POSTED 1 DECEMBER 2005
Influenza vaccine: Could good enough be better than perfect?
The bird flu has killed millions of birds and more than 60 people in Asia. So far, the virus does not seem to infect one person directly from another. But if the virus does start spreading that way, a worldwide epidemic is likely. According to the World Health Organization, "Experts agree that another influenza pandemic is inevitable and possibly imminent."
In a typical year, the WHO estimates that flu infects 10 to 20 percent of the world population, and 250,000 to 500,000 die. But the current avian influenza virus, called H5N1, has killed half of the people known to have caught it.
So a global outbreak could be a rerun of the 1918 "Spanish flu," which killed 40 to 50 million.
Three strategies have been discussed to fight an avian influenza once it starts to spread between people: Drugs, quarantine, and vaccines.

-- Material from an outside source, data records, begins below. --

Lemma sum_SYT_DesT_iseg n k l : k < n.+1 -> is_partition n.+1 l ->
  \sum_(T : {ffun 'I_n.+1 -> 'I_n.+1 * 'I_n.+1} | is_SYT l T) (DesT T == iseg k : nat)
    = (l == hook n.+1 k).
Proof.
move=> lt_kn l_part; have [-> | l_neq] := eqVneq l (hook n.+1 k); last first.
  apply: big1 => T T_SYT; case: eqP => // /(SYT_DesT_iseg_shape lt_kn l_part T_SYT).
  by move/eqP: l_neq.
rewrite (bigD1 (hook_tableau n k)) ?hook_tableau_SYT //= DesT_hook_tableau // eqxx.
rewrite big1 // => T /andP[T_SYT T_neq]; case: eqP => // DesT_T.
by move: T_neq; rewrite (SYT_DesT_iseg_eq lt_kn _ T_SYT DesT_T) ?eqxx // hook_partition.
Qed.

Lemma iseg0 n : iseg 0 = set0 :> {set 'I_n}.
Proof. by apply/setP => i; rewrite !inE. Qed.

Lemma isegT n : iseg n = [set: 'I_n].
Proof. by apply/setP => i; rewrite !inE ltn_ord. Qed.

Lemma shift1_iseg n k :
  k < n.+1 -> shift1 (ord_max |: iseg k) = iseg k.+1 :> {set 'I_n.+1}.
Proof.
move=> lt_kn; apply/setP => x; rewrite inE; apply/imsetP/idP.
  case=> y; rewrite !inE => /predU1P[-> | lt_yk] ->; first by rewrite /= modnn.
  by rewrite /= modn_small; lia.
case: (posnP x) => [x0 _ | x_gt0 lt_xk].
  by exists ord_max; rewrite ?setU11 //; apply: val_inj; rewrite /= modnn x0.
exists (inord x.-1); first by rewrite !inE inordK; lia.
by apply: val_inj; rewrite /= inordK ?modn_small; have := ltn_ord x; lia.
Qed.

Lemma Des_cDes n (p : 'S_n.+1) : Des p = cDes p :\ ord_max.
Proof.
apply/setP => i; rewrite !inE; congr andb.
by have := ltn_ord i; rewrite -val_eqE /=; lia.
Qed.

Lemma ordS_neq n (i : 'I_n.+2) : ordS i != i.
Proof.
rewrite -val_eqE /=; case: (ltnP i.+1 n.+2) => [lt_in | le_ni].
  by rewrite modn_small // neq_ltn ltnSn orbT.
have i_max : i.+1 = n.+2 by have := ltn_ord i; lia.
by rewrite i_max modnn; lia.
Qed.

Lemma cDes_neq0 n (p : 'S_n.+2) : cDes p != set0.
Proof.
apply/set0Pn; set i := (p^-1 ord_max)%g; exists i.
have p_i : p i = ord_max by rewrite permKV.
have : p (ordS i) != p i by rewrite (inj_eq perm_inj) ordS_neq.
by rewrite inE p_i -val_eqE /=; have := ltn_ord (p (ordS i)); lia.
Qed.

Lemma cDes_neqT n (p : 'S_n.+1) : cDes p != setT.
Proof. by apply/eqP => /setP/(_ (p^-1 ord0)%g); rewrite !inE permKV. Qed.

Definition cDes_count n (A : {set 'S_n}) (J : {set 'I_n}) : nat :=
  \sum_(p in A) (cDes p == J).

Lemma cDes_count0 n (A : {set 'S_n.+2}) : cDes_count A set0 = 0.
Proof. by apply: big1 => p _; rewrite (negbTE (cDes_neq0 p)). Qed.

Lemma cDes_countT n (A : {set 'S_n.+1}) : cDes_count A setT = 0.
Proof. by apply: big1 => p _; rewrite (negbTE (cDes_neqT p)). Qed.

Each strategy has major pitfalls.
Drugs like Tamiflu reduce symptoms and infectivity, but stockpiles are pitifully low, and the drugs must be taken within 48 hours after symptoms appear, preferably much sooner.
Isolating the sick is a time-tested infection control, but according to Graeme Laver, a flu expert at the Australian National University, quarantine won't work because people without symptoms can spread influenza. "It's absolutely impossible. So many people will be infected and shedding virus, but they won't know it, they will have no fever but they will spread the virus like crazy." Even the island nation of Australia can expect to be infected through airports, he cautions. Immigration officers aren't doctors, he suggests, and even doctors can't spot symptoms before they exist.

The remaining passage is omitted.